Yes, Wylan decided. Kaz Brekker was the dirtiest water in Ketterdam's canals, the thickest smog on the streets. His tune was sharp and lively, yet beneath was a steady bass, playing in broken harmony to the metronome that his cane provided.
Inej was purple. Royal purple, because she was like royalty. She was soft-spoken and she walked with perfect posture, the Queen of Ketterdam, leaping around the city without anyone to stop her. Even if she slunk around on the rooftops unseen, the Wraith was well-known and people were afraid. She had power, and she held it above her like a veil spun from expensive (and purple) material. She might as well wear a crown. Inej spoke with softest lilac and acted like sweet lavender. But however bright purple can be, it can be close to black, and Wylan also knew that purple was also the colour of the silks she wore in the Menagerie. She had shed those silks the moment she had left, but what they had done to her still hovered around her graceful figure. However much she tried to forget those days, you could see what they left: the damage, but also the reinforcements it brought to her mind. Those days donning purple silks had made her invincible.
Her tune was more difficult. It was flowing and soft, like when she walked with that cat-like grace. Wylan had seen her flying around the rigging once her wound had healed, and that was the melody - fast and smooth, like a twirling ribbon, whipping around and around, stunningly beautiful and mesmerising. This was the warmth of her melodic voice, the glow of her chocolate eyes, the dimples that appeared when she lit the air with her grin. Somehow she was speedy yet soft and warm yet dangerous. It was generally a comforting tune, full of faith. Full of trust. But, like with every person on this boat, there was a darker undertone, and Inej's was quiet, scared to reveal itself to the world, a tauntingly slow tune that slunk beneath her warmth.

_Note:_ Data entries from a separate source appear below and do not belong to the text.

Definition ker_map_injective (f : 'I_u -> 'I_v -> 'I_w -> k) (x : pt) : Prop :=
  forall t : 'I_a -> 'I_u -> 'I_v -> k,
    in_R0_tensor_ker f t -> (forall q j, phi01_tensor_V x t q j = 0) ->
    forall p i j, t p i j = 0.

End Rep.

From Pilot Require Import Defs.
From HB Require Import structures.
From mathcomp Require Import all_boot all_algebra.
From Stdlib Require Import FunctionalExtensionality Classical.
Set Implicit Arguments. Unset Strict Implicit. Unset Printing Implicit Defensive.
Import GRing.Theory.
Local Open Scope ring_scope.

(* A point y of R(f, alpha) is a pair (A, Phi(y)), A = R(phi01) and Phi(y) the
   matrix of (-R(phi02), R(phi12)); the defining relation reads M(A) Phi(y) = 0 for
   the matrix M(A) of t |-> ((I (x) f) t, (A (x) I_V) t) on R(0) (x) U (x) V, and the
   injectivity hypothesis says that M(R(phi01)) is injective.  Call A degenerate
   when det (M(A) B) = 0 for every B; this is a closed condition, and R is not
   degenerate.  Over the non-degenerate locus, the solutions Phi of M(A) Phi = 0
   are parametrised polynomially by (A, B, T) |-> det(M B) (1 - B (M B)^-1 M) T.
   The closure C0 of the image of this parametrisation is irreducible, contains R,
   and C0 together with the degenerate locus covers R(f, alpha).  Hence C0 is an
   irreducible component, and every component not contained in the degenerate
   locus, in particular every left general one, equals C0. *)

Section PolynomialFunctions.
Variables (k : fieldType) (X : Type).
Implicit Types p q : (X -> k) -> k.

Lemma polyfun_ext p q : p =1 q -> polyfun p -> polyfun q.
Proof. by move=> /functional_extensionality ->. Qed.

Lemma polyfun_opp p : polyfun p -> polyfun (fun z => - p z).
Proof. by move=> hp; apply: polyfun_ext (pf_mul (pf_const _ (-1)) hp) => z; rewrite mulN1r. Qed.

Lemma polyfun_sub p q : polyfun p -> polyfun q -> polyfun (fun z => p z - q z).
Proof. by move=> hp /polyfun_opp; apply: pf_add. Qed.

Lemma polyfun_sum (I : Type) (r : seq I) (P : pred I) (F : I -> (X -> k) -> k) :
  (forall i, P i -> polyfun (F i)) -> polyfun (fun z => \sum_(i <- r | P i) F i z).
Proof.
move=> hF; elim: r => [|i r IH].
  by apply: polyfun_ext (pf_const _ 0) => z; rewrite big_nil.
case Pi: (P i); last by apply: polyfun_ext IH => z; rewrite big_cons Pi.
by apply: polyfun_ext (pf_add (hF i Pi) IH) => z; rewrite big_cons Pi.
Qed.

Lemma polyfun_prod (I : Type) (r : seq I) (P : pred I) (F : I -> (X -> k) -> k) :
  (forall i, P i -> polyfun (F i)) -> polyfun (fun z => \prod_(i <- r | P i) F i z).
Proof.
move=> hF; elim: r => [|i r IH].
  by apply: polyfun_ext (pf_const _ 1) => z; rewrite big_nil.
case Pi: (P i); last by apply: polyfun_ext IH => z; rewrite big_cons Pi.
by apply: polyfun_ext (pf_mul (hF i Pi) IH) => z; rewrite big_cons Pi.
Qed.

Lemma polyfun_comp (Z : Type) p (g : (Z -> k) -> X -> k) :
  polyfun p -> (forall i, polyfun (fun z => g z i)) -> polyfun (fun z => p (g z)).
Proof.
by move=> hp hg; elim: hp => *; [exact: pf_const | exact: hg | exact: pf_add | exact: pf_mul].
Qed.

Lemma polyfun_on_line p (z1 z2 : X -> k) : polyfun p ->
  exists q : {poly k}, forall t, q.[t] = p (fun i => z1 i + t * (z2 i - z1 i)).
Proof.
elim=> [c | i | p1 p2 _ [q1 e1] _ [q2 e2] | p1 p2 _ [q1 e1] _ [q2 e2]].
- by exists c%:P => t; rewrite hornerC.
- by exists ((z1 i)%:P + 'X * (z2 i - z1 i)%:P) => t; rewrite !hornerE.
- by exists (q1 + q2) => t; rewrite hornerD e1 e2.
- by exists (q1 * q2) => t; rewrite hornerM e1 e2.
Qed.

Definition polyfun_mx m n (F : (X -> k) -> 'M[k]_(m, n)) :=
  forall i j, polyfun (fun z => F z i j).

Lemma polyfun_mx_const m n (A : 'M[k]_(m, n)) : polyfun_mx (fun=> A).
Proof. by move=> i j; apply: pf_const. Qed.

When he thought about it, Wylan liked Inej a lot. She was a royal purple ribbon spinning around the air, nothing like the harsh greys of Kaz. In a way, her smooth tune complemented his jerky rhythm, softening out his sharp corners and lightening his dark shades with her own purple hue. She brought out the best in people.
Matthias was icy blue. Not just because he was from Fjerda, but because of the frostiness of his voice and other things - he spoke sharply and walked sharply and acted sharply. At the beginning of this journey everything about him had been sharp sharp, sharp, but the ice had now started to melt, and he was softening a little: cold, but no longer an icicle. His emotions ran like water (icy blue water), flowing from one into the next, rocking gently, but destined to reach the same place nonetheless. He was steady and strong and unstoppable, like the icy cold waters of Fjerda, and he instilled the calm of fluffy snowfall on his companions.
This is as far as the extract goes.